Inoltre il chimico è “uno che cerca”. Cerca senza sapere cosa troverà alla fine del suo viaggio di ricerca.

Molti tra i miei racconti narrano storie di esplorazioni (Orso; Mamarce, Base antartica, Venere603), forse perché sia come scrittore che come chimico mi piace uscire dal seminato. Cercare cose nuove, alzarmi e uscire di casa per esplorare il mondo fuori.  

 

  • Perché scrivi?

Scrivo per il piacere di ascoltare storie. E scrivo perché è un’esigenza come respirare, mangiare e muoversi. Altri fanno sport, io scrivo.

 

  • Si dice che lo scrittore di romanzi sia un architetto disciplinato, mentre il poeta un mistico folgorato dall'ispirazione. Lo scrittore di racconti brevi è una via di mezzo tra i due o cosa?

Concordo almeno in parte. I romanzi e i racconti sono un tipo di scrittura tra loro molto simile. La poesia è tutta un’altra cosa.

Scrivere poesie è difficilissimo. La poesia dice le cose che non si possono dire. E la poesia è l’unico modo che abbiamo per esprimerle.

Penso a Ungaretti e Rimbaud o alla Szymborska o a Yeats e Pessoa.

 

Scrivere romanzi o racconti è “semplicemente” narrare cose, pensieri, storie. Sicuramente scrivere romanzi richiedono una capacità architettonica maggiore rispetto quella necessaria per i racconti.

Ma anche questi, romanzi e racconti, possono tranquillamente essere visionari e mistici: “I fratelli Karamazov”, “la Metamorfosi” “il maestro e Margherita” “Le città invisibili” “Le cosmicomiche”.

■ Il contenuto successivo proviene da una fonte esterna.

(* There is a bijection $\beta\mapsto g(\beta)$ from the set of left collinearity points of $B$ onto the set of oriented lines in $\mathbb{R}^3$ such that, for all $p,P\in\mathbb{R}^3$, the pseudo spherical condition for $(p,P)$ at $\beta$ holds if and only if $p\in g(\beta)$. Likewise, there is a bijection $\beta\mapsto g(\beta)$ from the set of right collinearity points onto the set of oriented lines such that, for all $p,P\in\mathbb{R}^3$, the pseudo spherical condition for $(p,P)$ at $\beta$ holds if and only if $P\in g(\beta)$.
   Context: Write a direct isometry as $v\mapsto Mv+y$ ($M\in SO(3)$) and put $x=-M^ty$, $r=\langle y,y\rangle$. It corresponds to $(h:M:x:y:r)=(1:m_{11}:\dots:m_{33}:x_1:x_2:x_3:y_1:y_2:y_3:r)\in\mathbb{P}^{16}_{\mathbb{C}}$. $X$ is the complex Zariski closure of all such points. Throughout, $\langle u,u'\rangle=u^tu'$ is the complex bilinear form on $\mathbb{C}^3$. The boundary is $B=X\cap\{h=0\}$. A point $\beta=(0:M:x:y:r)\in B$ with $M=0$ is a left collinearity point if $x\neq0$ and $y=0$, and a right collinearity point if $x=0$ and $y\ne0$. The pseudo spherical condition for $(p,P)$ at $\beta$ is the complex equation $r-2\langle p,x\rangle-2\langle y,P\rangle-2\langle Mp,P\rangle=0$. *)

From HB Require Import structures.
From mathcomp Require Import all_boot all_order all_algebra.
From mathcomp Require Import reals.
From mathcomp.real_closed Require Import complex.
From mathcomp Require Import mpoly.
Set Implicit Arguments. Unset Strict Implicit. Unset Printing Implicit Defensive.
Import Order.TTheory GRing.Theory Num.Theory.
Local Open Scope ring_scope.

Section Defs.
Variable R : realType.
Local Notation C := (R[i]).

Definition toC (a : R) : C := Complex a 0.
Definition vC (u : 'cV[R]_3) : 'cV[C]_3 := map_mx toC u.

(* the complex bilinear form <u,u'> = u^t u' on C^3 (no conjugation) *)
Definition cdot (u u' : 'cV[C]_3) : C := (u^T *m u') 0 0.
Definition rdot (u u' : 'cV[R]_3) : R := (u^T *m u') 0 0.

(* homogeneous coordinates (h : m11 : m12 : ... : m33 : x1:x2:x3 : y1:y2:y3 : r)
   of P^16_C, represented by (nonzero) row vectors of length 17 *)
Definition mkpt (h : C) (M : 'M[C]_3) (x y : 'cV[C]_3) (r : C) : 'rV[C]_17 :=
  \row_(k < 17)
    (if (k == 0 :> nat) then h
     else if (k < 10)%N then M (inord ((k - 1) %/ 3)) (inord ((k - 1) %% 3))
     else if (k < 13)%N then x (inord (k - 10)) 0
     else if (k < 16)%N then y (inord (k - 13)) 0
     else r).

Definition ph (v : 'rV[C]_17) : C := v 0 (inord 0).
Definition pM (v : 'rV[C]_17) : 'M[C]_3 := \matrix_(i < 3, j < 3) v 0 (inord (1 + 3 * i + j)).
Definition px (v : 'rV[C]_17) : 'cV[C]_3 := \col_(i < 3) v 0 (inord (10 + i)).
Definition py (v : 'rV[C]_17) : 'cV[C]_3 := \col_(i < 3) v 0 (inord (13 + i)).
Definition pr (v : 'rV[C]_17) : C := v 0 (inord 16).

Definition proj_eq (v w : 'rV[C]_17) : Prop := exists2 c : C, c != 0 & w = c *: v.

Definition is_rot (M : 'M[R]_3) : Prop := M^T *m M = 1%:M /\ \det M = 1.

(* the point of P^16 attached to the direct isometry v |-> M v + y *)
Definition iso_pt (M : 'M[R]_3) (y : 'cV[R]_3) : 'rV[C]_17 :=
  mkpt 1 (map_mx toC M) (vC (- (M^T *m y))) (vC y) (toC (rdot y y)).

(* X : projective Zariski closure of the set of points iso_pt M y :
   a point lies in X iff every homogeneous polynomial vanishing on all
   iso_pt M y vanishes on it *)
Definition inX (v : 'rV[C]_17) : Prop :=
  v != 0 /\
  forall (d : nat) (F : mpoly.mpoly 17 C),
    F \is @mpoly.ishomog1 17 C d (@mpoly.mdeg 17) ->
    (forall M y, is_rot M -> mpoly.meval (fun k => iso_pt M y 0 k) F = 0) ->
    mpoly.meval (fun k => v 0 k) F = 0.

Definition inB (v : 'rV[C]_17) : Prop := inX v /\ ph v = 0.

Definition left_coll (v : 'rV[C]_17) : Prop :=
  inB v /\ pM v = 0 /\ px v != 0 /\ py v = 0.
Definition right_coll (v : 'rV[C]_17) : Prop :=
  inB v /\ pM v = 0 /\ px v = 0 /\ py v != 0.

Definition pseudo_sph (b : 'rV[C]_17) (p P : 'cV[R]_3) : Prop :=
  pr b - 2%:R * cdot (vC p) (px b) - 2%:R * cdot (py b) (vC P)
       - 2%:R * cdot (pM b *m vC p) (vC P) = 0.

(* oriented lines in R^3, in normal form (d, a): d a unit direction vector,
   a the foot of the perpendicular from the origin (a ⟂ d); the line is
   {a + t d | t in R} oriented by d. *)
Definition oline : Type :=
  {da : 'cV[R]_3 * 'cV[R]_3 | (rdot da.1 da.1 == 1) && (rdot da.1 da.2 == 0)}.

Definition on_line (p : 'cV[R]_3) (l : oline) : Prop :=
  exists t : R, p = (val l).2 + t *: (val l).1.

End Defs.

From HB Require Import structures.
From mathcomp Require Import all_boot all_order all_algebra.
From mathcomp Require Import reals.
From mathcomp.real_closed Require Import complex.
From mathcomp Require Import mpoly.
From mathcomp Require Import ring lra.
Import Order.TTheory GRing.Theory Num.Theory.
Set Implicit Arguments. Unset Strict Implicit. Unset Printing Implicit Defensive.
Local Open Scope complex_scope.
Local Open Scope ring_scope.
(* There exists a probability distribution of a random pair $(x,y)\in\mathbb{R}^3\times\mathbb{R}$ with finite second moments, $\Sigma=\mathbb{E}[xx^\top]$ invertible and $\Sigma_{ii}>0$ for all $i$, such that the Naive Bayes weight vector satisfies $w^{\mathrm{NB}}\neq w^*$ and, for every binary feature tree on $\{1,2,3\}$ and every admissible choice of least-squares weights at its nodes, the tree predictor satisfies $w^{\mathrm{tree}}\neq w^*$, where $w^*=\Sigma^{-1}b$ is the least-squares linear predictor.
   Context: Let $(x,y)$ be a random pair with $x=(x_1,\dots,x_n)\in\mathbb{R}^n$, $y\in\mathbb{R}$, finite second moments, $\Sigma:=\mathbb{E}[xx^\top]$ invertible with all $\Sigma_{ii}>0$, and $b:=\mathbb{E}[xy]\in\mathbb{R}^n$. The least-squares linear predictor is $w^*:=\Sigma^{-1}b=\arg\min_{w}\mathbb{E}[(\langle w,x\rangle-y)^2]$. The Naive Bayes weight vector is $w^{\mathrm{NB}}\in\mathbb{R}^n$ with $w^{\mathrm{NB}}_i:=b_i/\Sigma_{ii}$. A feature tree on $\{1,\dots,n\}$ is a finite rooted tree in which every internal node has at least one child and whose leaves are in bijection with $\{1,\dots,n\}$; it is binary if every internal node has at most two children. Each node $v$ computes a prediction $p_v(x)$: the leaf labeled $i$ outputs $p_i(x)=w^{(0)}_i x_i$ with $w^{(0)}_i:=b_i/\Sigma_{ii}$; an internal node $v$ with children $c_1,\dots,c_k$ outputs $p_v(x)=\sum_{j=1}^k u^v_j\,p_{c_j}(x)$, where $u^v\in\mathbb{R}^k$ is any minimizer (an admissible choice) of $u\mapsto\mathbb{E}\big[(\sum_{j=1}^k u_j p_{c_j}(x)-y)^2\big]$. By induction every $p_v$ is a linear function of $x$; the tree predictor $w^{\mathrm{tree}}\in\mathbb{R}^n$ is the vector with $p_{\mathrm{root}}(x)=\langle w^{\mathrm{tree}},x\rangle$ for all $x$. *)

From HB Require Import structures.
From mathcomp Require Import all_boot all_order all_algebra.
Set Implicit Arguments. Unset Strict Implicit. Unset Printing Implicit Defensive.
Import Order.TTheory GRing.Theory Num.Theory.
Local Open Scope ring_scope.

(* A finitely supported probability distribution of (x,y) in R^n x R is given by
   m atoms, weights p : 'I_m -> R (nonnegative, summing to 1; imposed in the
   statement), and atom locations X k : 'cV_n, Y k : R. *)
Section Model.
Variables (R : realFieldType) (n m : nat).
Variables (p : 'I_m -> R) (X : 'I_m -> 'cV[R]_n) (Y : 'I_m -> R).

Io scrivo racconti semplicemente perché il tempo necessario per scriverli è minore o semplicemente più concentrato, e questo si combina meglio con la mia vita lavorativa di chimico (e privata).

 

  • Il Comitato di lettura del Premio Italo Calvino, nella lettera che ti ha scritto, parla di attesa, sospensione. "Dopo poche righe o dopo decine di pagine, la conclusione è sempre una non-conclusione: non uno scioglimento che spiega tutto, ma piuttosto la sollecitazione a modificare il nostro sguardo accettando uno stato di cose che rimane ineluttabilmente sospeso. Viene frustrata ogni nostra pretesa di ricorrere a criteri di logica. Questo ricorda la logica illogica dei racconti zen, forse anche l'idea di presenza nel respiro del qui ed ora che è alla base della pratica Yoga. Vorrei leggere le parole di Donatella Messina insegnante di Yoga e Presidente della LUA di cui faccio parte. "L’attesa non può focalizzarsi su un punto di arrivo, perché perderebbe sostanza. L’attendere quindi è un’attenzione fine a se stessa, cioè un’attesa senza scopo e senza fine. Invece nell’aspettare, aspettarsi, noi chiediamo qualcosa a qualcuno, o che qualcosa arrivi. Potremmo dire che la differenza si sostanzia proprio nella modalità in cui noi stiamo in quella pausa. Se l’aspettare accresce il desiderio che qualcosa o che qualcuno si evidenzi, l’attendere non cancella questo, ma lo sospende. E’ questo che rende questo spazio importante. In questa sospensione che è davvero un puro attendere e in cui noi non sappiamo che cosa possa arrivare, noi stiamo nello spazio dell’attesa senza aspettare che vi sia una risposta. E’ solo e soltanto un saper stare sapiente ed è semplicemente un vuoto prezioso perché ci consente di aprirci a qualcosa d’altro, che può essere un’intuizione, una rivelazione. Può essere semplicemente abitare il silenzio che è dentro di noi, e concedere alle persone che stanno con noi di fare altrettanto. L’attesa piega il tempo fino quasi a sospenderlo. Lo rende trasparente, impalpabile, quindi la lingua dell’attesa ha un alfabeto di annunci e attendere è decifrare questi annunci senza aspettare che arrivino. L’attesa genera pazienza, è una pratica, un atteggiamento, una postura. È una disposizione dell’animo. È spazio vuoto. Non si tratta di abitare una forma conosciuta, prestabilita, già sperimentata, di cui noi siamo consapevoli. L’attesa non è un luogo di certezze, ma un luogo da esplorare senza certezze."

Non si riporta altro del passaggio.